Google has been energetically pushing its cloud as a viable alternative to Amazon Web Services and Microsoft Azure when it comes to big, burly computing jobs. As part of that effort, on Tuesday it made previously announced “preemptible virtual machines” available to customers and said that the Broad Institute will be able to use these computing instances, along with software services from Cycle Computing, to perform complex cancer research.

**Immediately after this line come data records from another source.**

(* Taking unions with [W] makes the empty chain harmless in Zorn's lemma. *)
Lemma maximal_lin_closed_avoiding W v : lin_closed W -> W 0 -> ~ W v ->
  exists U, [/\ W `<=` U, lin_closed U, U 0, ~ U v &
    forall x, ~ U x -> exists u c, U u /\ v = u + c *: x].
Proof.
move=> WL W0 nWv.
pose P (A : set T) := lin_closed (A `|` W) /\ ~ (A `|` W) v.
have [A [[AL nAv] Amax]] : exists A, P A /\ forall B, A `<` B -> ~ P B.
  apply: Zorn_bigcup => F FP Ftot.
  have common x y : (\bigcup_(X in F) X `|` W) x -> (\bigcup_(X in F) X `|` W) y ->
      (W x /\ W y) \/ exists2 X, F X & (X `|` W) x /\ (X `|` W) y.
    case=> [[X FX Xx]|Wx] [[Y FY Yy]|Wy]; last by left.
    - right; have [XY|YX] := Ftot _ _ FX FY.
        by exists Y => //; split; left => //; apply: XY.
      by exists X => //; split; left => //; apply: YX.
    - by right; exists X => //; split; [left|right].
    - by right; exists Y => //; split; [right|left].
  split=> [a x y Ux Uy|[[X FX Xv]|//]]; last by apply: (FP _ FX).2; left.
  case: (common x y Ux Uy) => [[Wx Wy]|[X FX [Xx Xy]]]; first by right; apply: WL.
  by case: ((FP _ FX).1 a x y Xx Xy) => [Xz|Wz]; [left; exists X|right].
pose U := A `|` W.
have U0 : U 0 by right.
exists U; split=> // [x Wx|x nUx]; first by right.
pose B y := exists u c, U u /\ y = u + c *: x.
have AB : A `<=` B by move=> y Ay; exists y, 0; split; [left|rewrite scale0r addr0].
have BW : (B `|` W) `<=` B.
  by move=> y [//|Wy]; exists y, 0; split; [right|rewrite scale0r addr0].
apply: contrapT => nBv; apply: (Amax B).
  split=> // BA; apply: nUx; left; apply: BA.
  by exists 0, 1; rewrite add0r scale1r.
split=> [a y1 y2 /BW[u1 [c1 [U1 ->]]] /BW[u2 [c2 [U2 ->]]]|[Bv|//]].
  left; exists (a *: u1 + u2), (a * c1 + c2); split; first exact: AL.
  by rewrite scalerDr scalerDl scalerA addrACA.
by case: Bv => u [c [Uu vE]]; apply: nBv; exists u, c.
Qed.

Lemma separating_functional W v : lin_closed W -> W 0 -> ~ W v ->
  exists l : {scalar T}, (forall x, W x -> l x = 0) /\ l v = 1.
Proof.
move=> WL W0 nWv.
have [U [WU UL U0 nUv Umax]] := maximal_lin_closed_avoiding WL W0 nWv.
have coef_ex x : exists c, U (x - c *: v).
  have [Ux|/Umax[u [c [Uu vE]]]] := pselect (U x).
    by exists 0; rewrite scale0r subr0.
  have c0 : c != 0.
    by apply: contra_notN nUv => /eqP c0; rewrite vE c0 scale0r addr0.
  exists c^-1; rewrite vE scalerDr scalerA mulVf // scale1r opprD addrCA subrr addr0.
  by rewrite -scaleNr; exact: lin_closedZ.
have coef_uniq x c c' : U (x - c *: v) -> U (x - c' *: v) -> c = c'.
  move=> Uc Uc'; apply: contrapT => /eqP; rewrite -subr_eq0 => cc'.
  have := lin_closedZ UL (c - c')^-1 U0 (lin_closedB UL Uc' Uc).
  have -> : x - c' *: v - (x - c *: v) = (c - c') *: v.
    by rewrite opprB addrC addrA subrK scalerBl.
  by rewrite scalerA mulVf // scale1r.
pose l x := projT1 (cid (coef_ex x)).
have lP x : U (x - l x *: v) := projT2 (cid (coef_ex x)).
have lL : linear_for *%R l.
  move=> a x y; apply: (coef_uniq (a *: x + y)); first exact: lP.
  have -> : a *: x + y - (a * l x + l y) *: v = a *: (x - l x *: v) + (y - l y *: v).
    by rewrite scalerDl -scalerA scalerBr opprD addrACA.
  exact/UL/lP/lP.
exists (scalar_of lL); split=> [x Wx|] /=.
  by apply: (coef_uniq x); [exact: lP | rewrite scale0r subr0; apply: WU].
by apply: (coef_uniq v); [exact: lP | rewrite scale1r subrr].
Qed.

Lemma exists_scalar_eq1 v : v != 0 -> exists l : {scalar T}, l v = 1.
Proof.
move=> /eqP v0; have W0L : lin_closed [set 0] by move=> a x y -> ->; rewrite scaler0 addr0.
by have [l [_ lv]] := separating_functional W0L erefl v0; exists l.
Qed.

End SeparatingFunctional.

Section BilinearVanishing.
Variables (K : fieldType) (T S Y : lmodType K).

Definition contract (z : seq (T * S)) (l : {scalar T}) : S :=
  \sum_(p <- z) l p.1 *: p.2.

Lemma contract_cons t s z l : contract ((t, s) :: z) l = l t *: s + contract z l.
Proof. by rewrite /contract big_cons. Qed.

Lemma contract1 t s l : contract [:: (t, s)] l = l t *: s.
Proof. by rewrite /contract big_seq1. Qed.

Lemma contract_cat z z' l : contract (z ++ z') l = contract z l + contract z' l.
Proof. by rewrite /contract big_cat. Qed.

Definition scale_seq (k : K) (z : seq (T * S)) := [seq (k *: p.1, p.2) | p <- z].

Lemma contract_scale k z l : contract (scale_seq k z) l = k *: contract z l.
Proof.
rewrite /contract big_map scaler_sumr; apply: eq_bigr => p _.
by rewrite linearZ scalerA.
Qed.

Fixpoint in_span (ts : seq T) (x : T) : Prop :=
  if ts is t :: ts' then exists c, in_span ts' (x - c *: t) else x = 0.

Lemma in_span0 ts : in_span ts 0.
Proof. by elim: ts => [|t ts IH] //=; exists 0; rewrite scale0r subr0. Qed.

Lemma lin_closed_span ts : lin_closed (in_span ts).
Proof.
elim: ts => [|t ts IH] a x y /=; first by move=> -> ->; rewrite scaler0 addr0.
move=> [c1 H1] [c2 H2]; exists (a * c1 + c2).
have -> : a *: x + y - (a * c1 + c2) *: t = a *: (x - c1 *: t) + (y - c2 *: t).
  by rewrite scalerDl -scalerA scalerBr opprD addrACA.
exact: IH.
Qed.

Lemma mem_span ts t : t \in ts -> in_span ts t.
Proof.
elim: ts => [|u ts IH] //=; rewrite inE => /orP[/eqP ->|/IH tsp].
  by exists 1; rewrite scale1r subrr; apply: in_span0.
by exists 0; rewrite scale0r subr0.
Qed.

Variable B : T -> S -> Y.
Hypotheses (BlL : forall s, linear (B^~ s)) (BrL : forall t, linear (B t)).

Let B0l s : B 0 s = 0 :=
  linear0 (HB.pack (B^~ s) (GRing.isLinear.Build K T Y _ _ (BlL s))).
Let B0r t : B t 0 = 0 :=
  linear0 (HB.pack (B t) (GRing.isLinear.Build K S Y _ _ (BrL t))).

Definition bilin_sum (z : seq (T * S)) : Y := \sum_(p <- z) B p.1 p.2.

Lemma bilin_sum_cons t s z : bilin_sum ((t, s) :: z) = B t s + bilin_sum z.
Proof. by rewrite /bilin_sum big_cons. Qed.

(* Rewriting [t = c t1 + (t - c t1)] moves the term [t (x) s] onto the
   earlier entries [t1 (x) s1] without changing the size of the list. *)
Lemma shift_into_span r t s : in_span (map fst r) t ->
  exists r', [/\ size r' = size r,
    forall l, contract r' l = l t *: s + contract r l &
    bilin_sum r' = B t s + bilin_sum r].
Proof.
have swap (V : zmodType) (a b d e : V) : a + b + (d - b + e) = d + (a + e).
  by rewrite [d - b + e]addrAC addrACA subrr addr0 addrCA.
elim: r t => [|[t1 s1] r IH] t /=.
  move=> ->; exists [::]; split=> // [l|].
    by rewrite /contract big_nil linear0 scale0r addr0.
  by rewrite /bilin_sum big_nil B0l addr0.
move=> [c /IH[r' [sz Hl Hb]]]; exists ((t1, s1 + c *: s) :: r'); split=> /=.
- by rewrite sz.
- move=> l; rewrite !contract_cons Hl linearB scalarZ.
  by rewrite scalerDr scalerA scalerBl [l t1 * c]mulrC swap.
- rewrite !bilin_sum_cons Hb.
  have -> : B t1 (s1 + c *: s) = B t1 s1 + c *: B t1 s by rewrite addrC BrL addrC.
  have -> : B (t - c *: t1) s = B t s - c *: B t1 s.
    by rewrite addrC -scaleNr BlL scaleNr addrC.
  by rewrite swap.
Qed.

(* A tensor [sum t_i (x) s_i] killed by every [l (x) id] is killed by every
   bilinear map: if [t] is in the span of the other [t_i], shift it away;
   otherwise a functional separating [t] from that span shows [s = 0]. *)
Lemma bilin_sum_eq0 z : (forall l, contract z l = 0) -> bilin_sum z = 0.
Proof.
move: {2}(size z) (erefl (size z)) => n; elim: n z => [|n IH] [|[t s] r] //=.
  by rewrite /bilin_sum big_nil.
move=> [] sz z0; case: (pselect (in_span (map fst r) t)) => [tr|ntr].
  have [r' [sz' Hl Hb]] := shift_into_span s tr.
  rewrite bilin_sum_cons -Hb; apply: IH => [|l]; first by rewrite sz'.
  by rewrite Hl -contract_cons.
have [l [lr lt]] := separating_functional (@lin_closed_span _) (in_span0 _) ntr.
have contract_r : contract r l = 0.
  rewrite /contract big_seq big1 // => p pr.
  by rewrite lr ?scale0r //; apply/mem_span/map_f.
have s0 : s = 0 by have := z0 l; rewrite contract_cons lt scale1r contract_r addr0.
rewrite bilin_sum_cons s0 B0r add0r; apply: IH => // l'.
by have := z0 l'; rewrite contract_cons s0 scaler0 add0r.
Qed.

Lemma bilin_sum_eq z z' : contract z =1 contract z' -> bilin_sum z = bilin_sum z'.
Proof.
move=> zz'; apply/eqP; rewrite -subr_eq0; apply/eqP.
have -> : bilin_sum z - bilin_sum z' = bilin_sum (z ++ scale_seq (-1) z').
  rewrite /bilin_sum big_cat big_map /= -sumrN.
  by congr (_ + _); apply: eq_bigr => p _; rewrite -[_ *: _]addr0 BlL B0l addr0 scaleN1r.
by apply: bilin_sum_eq0 => l; rewrite contract_cat contract_scale zz' scaleN1r subrr.
Qed.

End BilinearVanishing.

Section TensorAlgebra.
Variables (K : fieldType) (T R : comAlgType K).
Implicit Types (z : seq (T * R)) (l : {scalar T}).

(* [T (x)_K R] is modelled by its image in the maps [{scalar T} -> R], where
   [t (x) r] is sent to [l |-> l t *: r]; that this loses nothing is
   [bilin_sum_eq]. *)
Definition tensor := {f : {scalar T} -> R | exists z, f = contract z}.
HB.instance Definition _ := gen_eqMixin tensor.
HB.instance Definition _ := gen_choiceMixin tensor.

Definition tensor_of z : tensor := exist _ (contract z) (ex_intro _ z erefl).
Definition tensor_seq (p : tensor) : seq (T * R) := projT1 (cid (proj2_sig p)).
Definition slice (p : tensor) l : R := proj1_sig p l.

Lemma tensor_eq (p q : tensor) : slice p =1 slice q -> p = q.
Proof. by case: p q => [f fP] [g gP] /funext fg; apply: eq_exist. Qed.

Lemma slice_tensor_of z l : slice (tensor_of z) l = contract z l.
Proof. by []. Qed.

Lemma contract_tensor_seq p : contract (tensor_seq p) =1 slice p.
Proof. by rewrite /slice (projT2 (cid (proj2_sig p))). Qed.

Lemma tensor_of_eq z z' : contract z =1 contract z' -> tensor_of z = tensor_of z'.
Proof. by move=> zz'; apply: tensor_eq => l; apply: zz'. Qed.

Lemma tensor_seqK p : tensor_of (tensor_seq p) = p.
Proof. exact/tensor_eq/contract_tensor_seq. Qed.

Lemma tensor_of_ind (P : tensor -> Prop) : (forall z, P (tensor_of z)) -> forall p, P p.
Proof. by move=> Pz p; rewrite -(tensor_seqK p). Qed.

Definition mul_seq z z' := [seq (x.1 * y.1, x.2 * y.2) | x <- z, y <- z'].

Definition tensor_add p q := tensor_of (tensor_seq p ++ tensor_seq q).
Definition tensor_scale k p := tensor_of (scale_seq k (tensor_seq p)).
Definition tensor_mul p q := tensor_of (mul_seq (tensor_seq p) (tensor_seq q)).

Lemma tensor_of_add z z' : tensor_add (tensor_of z) (tensor_of z') = tensor_of (z ++ z').
Proof. by apply: tensor_of_eq => l; rewrite !contract_cat !contract_tensor_seq. Qed.

Lemma tensor_of_scale k z : tensor_scale k (tensor_of z) = tensor_of (scale_seq k z).
Proof. by apply: tensor_of_eq => l; rewrite !contract_scale contract_tensor_seq. Qed.

Lemma mull_scalar_linear l t : linear_for *%R (fun x => l (t * x)).
Proof. by move=> a x y; rewrite mulrDr -scalerAr linearP. Qed.

Definition mull_scalar l t : {scalar T} := scalar_of (mull_scalar_linear l t).

Lemma contract_mul_seq z z' l :
  contract (mul_seq z z') l = \sum_(x <- z) x.2 * contract z' (mull_scalar l x.1).
Proof.
rewrite /contract big_allpairs_dep; apply: eq_bigr => x _.
by rewrite mulr_sumr; apply: eq_bigr => y _; rewrite scalerAr.
Qed.

Lemma contract_mul_seqC z z' : contract (mul_seq z z') =1 contract (mul_seq z' z).
Proof.
move=> l; rewrite /contract !big_allpairs_dep exchange_big.
by apply: eq_bigr => y _; apply: eq_bigr => x _; rewrite mulrC [x.2 * _]mulrC.
Qed.
Lemma vnorm_le_norm1 (v : 'rV[R]_d) : vnorm v <= \sum_i `|v 0 i|.
Proof.
have s_ge0 : 0 <= \sum_i `|v 0 i| by apply: sumr_ge0.
rewrite -(ger0_norm s_ge0) -sqrtr_sqr ler_wsqrtr // expr2 mulr_suml.
apply: ler_sum => i _; rewrite -real_normK ?num_real // expr2.
by rewrite ler_wpM2l // (bigD1 i) //= lerDl sumr_ge0.
Qed.

Lemma entry_le_vnorm (v : 'rV[R]_d) i : `|v 0 i| <= vnorm v.
Proof.
rewrite -sqrtr_sqr ler_wsqrtr // (bigD1 i) //= lerDl.
by apply: sumr_ge0 => j _; exact: sqr_ge0.
Qed.

Lemma vnorm_mulmx_le (v : 'rV[R]_d) (M : 'M[R]_d) :
  vnorm (v *m M) <= mxnorm1 M * vnorm v.
Proof.
apply: le_trans (vnorm_le_norm1 _) _.
rewrite /mxnorm1 exchange_big /= mulr_suml; apply: ler_sum => j _.
rewrite mxE; apply: le_trans (ler_norm_sum _ _ _) _.
rewrite mulr_suml; apply: ler_sum => i _.
by rewrite normrM mulrC ler_wpM2l // entry_le_vnorm.
Qed.

End EuclideanNorm.

Section SingularValues.
Variables (R : realType) (d : nat).
Local Notation vnorm := (vnorm R d).

Definition stretches j (U : 'M[R]_(j, d)) (M : 'M[R]_d) : set R :=
  [set vnorm ((c *m U) *m M^T) | c in [set c : 'rV[R]_j | vnorm (c *m U) = 1]].

Lemma sv_stretchesE j (M : 'M[R]_d) : sv R d j M =
  sup [set x | exists U : 'M[R]_(j, d), \rank U = j /\ x = inf (stretches U M)].
Proof. by []. Qed.

Lemma normalize_row j (U : 'M[R]_(j, d)) (c : 'rV[R]_j) : c *m U != 0 ->
  vnorm (((vnorm (c *m U))^-1 *: c) *m U) = 1.
Proof.
move=> cU_neq0; rewrite -scalemxAl vnormZ ger0_norm ?invr_ge0 ?vnorm_ge0 //.
by rewrite mulVf // gt_eqF // vnorm_gt0.
Qed.

Lemma stretches_bound j (U : 'M[R]_(j, d)) M x :
  stretches U M x -> 0 <= x <= mxnorm1 M^T.
Proof.
case=> c /= cU1 <-; rewrite vnorm_ge0 /=.
by apply: le_trans (vnorm_mulmx_le _ _) _; rewrite cU1 mulr1.
Qed.

Lemma inf_stretches_bound j (U : 'M[R]_(j, d)) M :
  0 <= inf (stretches U M) <= mxnorm1 M^T.
Proof.
have [->|/set0P[x Sx]] := eqVneq (stretches U M) set0.
  by rewrite inf0 lexx mxnorm1_ge0.
have lb : has_lbound (stretches U M).
  by exists 0 => y /stretches_bound /andP[].
rewrite lb_le_inf /=; last 2 first.
- by exists x.
- by move=> y /stretches_bound /andP[].
by apply: le_trans (ge_inf lb Sx) _; case/andP: (stretches_bound Sx).
Qed.

Lemma sv_ge j (M : 'M[R]_d) (U : 'M[R]_(j, d)) (b : R) :
  (0 < j)%N -> \rank U = j ->
  (forall c : 'rV[R]_j, vnorm (c *m U) = 1 -> b <= vnorm ((c *m U) *m M^T)) ->
  b <= sv R d j M.
Proof.
move=> j_gt0 rankU U_stretch; rewrite sv_stretchesE.
apply: le_trans (ub_le_sup _ _) => /=; last by exists U.
  have rowfU : row_free U by rewrite /row_free rankU.
  pose e : 'rV[R]_j := delta_mx 0 (Ordinal j_gt0).
  have eU_neq0 : e *m U != 0.
    rewrite mulmx_free_eq0 //.
    by apply/eqP => /matrixP /(_ 0 (Ordinal j_gt0)) /eqP; rewrite !mxE !eqxx oner_eq0.
  apply: lb_le_inf => [|y [c /= c1 <-]]; last exact: U_stretch.
  pose c := (vnorm (e *m U))^-1 *: e.
  by exists (vnorm (c *m U *m M^T)), c; first exact: normalize_row.
by exists (mxnorm1 M^T) => x [V [_ ->]]; case/andP: (inf_stretches_bound V M).
Qed.

Lemma inf_stretches_eq0 j (U : 'M[R]_(j, d)) M :
  \rank U = j -> (\rank M < j)%N -> inf (stretches U M) = 0.
Proof.
move=> rankU rankM.
have rowfU : row_free U by rewrite /row_free rankU.
have rank_lt : (\rank (U *m M^T) < j)%N.
  by apply: leq_ltn_trans (mxrankM_maxr _ _) _; rewrite mxrank_tr.
have ker_neq0 : kermx (U *m M^T) != 0.
  by rewrite -mxrank_eq0 mxrank_ker subn_eq0 -ltnNge.
have [i ker_i] : exists i, row i (kermx (U *m M^T)) != 0.
  apply/existsP; apply: contraNT ker_neq0 => /existsPn ker0.
  by apply/eqP/row_matrixP => i; rewrite row0; apply/eqP/negPn/ker0.
pose c := row i (kermx (U *m M^T)).
have cUM : c *m U *m M^T = 0 by rewrite -mulmxA /c -row_mul mulmx_ker row0.
have cU_neq0 : c *m U != 0 by rewrite mulmx_free_eq0.
have S0 : stretches U M 0.
  exists ((vnorm (c *m U))^-1 *: c); first exact: normalize_row.
  by rewrite /= -scalemxAl -scalemxAl cUM scaler0 vnorm0.
have lb : has_lbound (stretches U M) by exists 0 => y /stretches_bound /andP[].
apply/le_anti; rewrite (ge_inf lb S0) /=.
by apply: lb_le_inf => [|y /stretches_bound /andP[]]; first exists 0.
Qed.

Lemma sv_eq0 j (M : 'M[R]_d) : (j <= d)%N -> (\rank M < j)%N -> sv R d j M = 0.
Proof.
move=> j_le_d rankM; rewrite sv_stretchesE.
suff -> : [set x | exists U : 'M[R]_(j, d), \rank U = j /\ x = inf (stretches U M)]
    = [set 0] by rewrite sup1.
apply/seteqP; split=> [x [U [rankU ->]]|_ ->] /=; first by rewrite inf_stretches_eq0.
by exists (pid_mx j); rewrite rank_pid_mx // inf_stretches_eq0 ?rank_pid_mx.
Qed.

End SingularValues.

Section CocycleRank.
Variables (R : realType) (m d : nat) (A : 'I_m.+1 -> 'M[R]_d) (w : nat -> 'I_m.+1).
Local Notation Aprod := (cocycle_prod R m d A w).

Lemma rank_cocycle_prodS n : (\rank (Aprod n.+1) <= \rank (A (w n)))%N.
Proof. exact: mxrankM_maxl. Qed.

Lemma rank_cocycle_prod_pair i a b : w i = b -> w i.+1 = a ->
  forall n, (i.+2 <= n)%N -> (\rank (Aprod n) <= \rank (A a *m A b))%N.
Proof.
move=> wi wi1; elim=> [//|n IHn]; rewrite leq_eqVlt => /orP[/eqP[<-]|].
  by rewrite /= wi wi1 mulmxA mxrankM_maxl.
by rewrite ltnS => /IHn; apply: leq_trans; exact: mxrankM_maxr.
Qed.

Lemma cocycle_prod_tr_range n c (y : 'rV[R]_d) :
  exists y' b, y *m (A c)^T *m (Aprod n)^T = y' *m (A b)^T.
Proof.
case: n => [|n]; first by exists y, c; rewrite trmx1 mulmx1.
by exists (y *m (A c)^T *m (Aprod n)^T), (w n); rewrite /= trmx_mul mulmxA.
Qed.

End CocycleRank.

Section Expansion.
Variables (R : realType) (d : nat).
Local Notation vnorm := (vnorm R d).

Lemma expansion_bound (M N : 'M[R]_d) : \rank (M *m N) = \rank N ->
  exists2 K, 0 < K & forall y : 'rV[R]_d,
    vnorm (y *m N^T) <= K * vnorm (y *m N^T *m M^T).
Proof.
move=> rankMN.
have /submxP[D ND] : (N <= M *m N)%MS.
  by rewrite -(mxrank_leqif_sup (submxMl M N)).2 rankMN.
exists (1 + mxnorm1 D^T) => [|y]; first by rewrite ltr_wpDr ?mxnorm1_ge0.
rewrite {1}ND !trmx_mul !mulmxA; apply: le_trans (vnorm_mulmx_le _ _) _.
by rewrite ler_wpM2r ?vnorm_ge0 // lerDr.
Qed.

Lemma uniform_expansion_bound m (A : 'I_m.+1 -> 'M[R]_d) :
  (forall a b, \rank (A a *m A b) = \rank (A b)) ->
  exists2 K, 0 < K & forall a b (y : 'rV[R]_d),
    vnorm (y *m (A b)^T) <= K * vnorm (y *m (A b)^T *m (A a)^T).
Proof.
move=> rankAA.
have /choice[K K_ab] : forall ab : 'I_m.+1 * 'I_m.+1, exists K, 0 < K /\
    forall y : 'rV[R]_d,
      vnorm (y *m (A ab.2)^T) <= K * vnorm (y *m (A ab.2)^T *m (A ab.1)^T).
  by move=> [a b]; have [K ? ?] := expansion_bound (rankAA a b); exists K.
have K_le ab : K ab <= \sum_ab' K ab'.
  by rewrite (bigD1 ab) //= lerDl sumr_ge0 // => ab' _; rewrite ltW // (K_ab ab').1.
exists (\sum_ab K ab) => [|a b y].
  by apply: lt_le_trans (K_le (ord0, ord0)); exact: (K_ab _).1.
apply: le_trans ((K_ab (a, b)).2 y) _.
by rewrite ler_wpM2r ?vnorm_ge0 ?K_le.
Qed.

Variables (m : nat) (A : 'I_m.+1 -> 'M[R]_d) (K : R).
Hypothesis K_gt0 : 0 < K.
Hypothesis A_expansion : forall a b (y : 'rV[R]_d),
  vnorm (y *m (A b)^T) <= K * vnorm (y *m (A b)^T *m (A a)^T).

Lemma cocycle_prod_expansion w n c (y : 'rV[R]_d) :
  vnorm (y *m (A c)^T) <=
    K ^+ n * vnorm (y *m (A c)^T *m (cocycle_prod R m d A w n)^T).
Proof.
elim: n => [|n IHn]; first by rewrite trmx1 mulmx1 expr0 mul1r.
have [y' [b yAB]] := cocycle_prod_tr_range A w n c y.
apply: le_trans IHn _; rewrite /= trmx_mul mulmxA yAB exprSr -mulrA.
by apply: ler_wpM2l (A_expansion _ _ _); rewrite exprn_ge0 // ltW.
Qed.

Lemma sv_cocycle_prod_ge k w n c : (0 < k)%N -> \rank (A c) = k ->
  (K ^+ n)^-1 <= sv R d k (cocycle_prod R m d A w n).
Proof.
move=> k_gt0 rankAc.
have [U rankU /submxP[D UD]] :
    exists2 U : 'M[R]_(k, d), \rank U = k & (U <= (A c)^T)%MS.
  by rewrite -rankAc -mxrank_tr; exists (row_base (A c)^T); rewrite eq_row_base.
apply: (sv_ge k_gt0 rankU) => u u1.
have Kn_gt0 : 0 < K ^+ n by rewrite exprn_gt0.
rewrite -(ler_pM2l Kn_gt0) mulfV ?gt_eqF // -u1 UD !mulmxA.
exact: cocycle_prod_expansion.
Qed.

End Expansion.

Section LyapunovExponents.
Variables (R : realType) (m d : nat) (P : probability (Seq m) R).
Implicit Types (B : 'I_m.+1 -> 'M[R]_d) (w : nat -> 'I_m.+1).

Definition lyap_seq B j w (n : nat) : \bar R :=
  ((n%:R^-1)%:E * elog R (sv R d j (cocycle_prod R m d B w n)))%E.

Pre-emptible VMs is tech talk for deeply discounted (70% off!) cloud computing processors which can be applied to big research projects or other tasks as needed. Amazon (AMZN) has long offered “spot instances” that customers can bid on in an auction-like format.
The Broad Institute’s Cancer Group in Cambridge, Massachusetts has data sets on cancer cell lines, “gene expression data,” and information about how various molecules interact with that gene expression. Gene expression data provides clues as to how often a given gene in a creature’s DNA is actually used by a cell.
“This is a cool workload from a science perspective in that it uses machine learning to understand the relationships between cell lines and cancer,” said Jason Stowe, chief executive of Cycle Computing. Scientists can then look at the expressions of those gene mutations and how they interact with those molecules.
“They build a map of the relationships so a researcher on a particular mutation will know what else they should look at, what other data points in Broad’s data set should be examined.”
Machine learning is an advanced form of pattern recognition that applies algorithms to tough data problems without having to be programmed specifically to do that work, and then makes predictions based on that work.
New York-based Cycle is an ideal partner for public cloud companies that want to show that their massive shared compute and storage resources can be corralled, scheduled, and deployed efficiently into high-performance computing (HPC) dynamos. That coralling, scheduling and deploying is Cycle Computing’s specialty.
So, Tuesday’s news is that Broad Institute will use Google (GOOG) Google Compute Engine (GCE) along with Cycle Computing for this key work and that pre-emptible VMs can be applied as needed. More broadly, Cycle Computing’s cloud orchestration services will run on GCE as well as AWS from here on. That’s a win for Google over its competitors.
Google and Broad are already cooperating to run Broad’s genomic analysis as a service on GCE.
The fact that Cycle Computing will now run on GCE is a plus for Google, but should not be surprising given that Cycle Computing was fully on board a Google-led container management effort announced in July.
Until now, Cycle hs worked on big high-performance computing projects with customers running on AWS, but Stowe said this move is no reflection on Amazon. “We followed the customer. Google’s pre-emptible VMs are very cost performant and our customers need to be able to use the best cloud services for their project,” he told Fortune.
In short: Researchers need to be able to use whatever cloud gives them the most usability for their money in any given project. The implication being that sometimes that optimal cloud may be from Google, sometimes from Amazon, and sometimes from Microsoft (MSFT).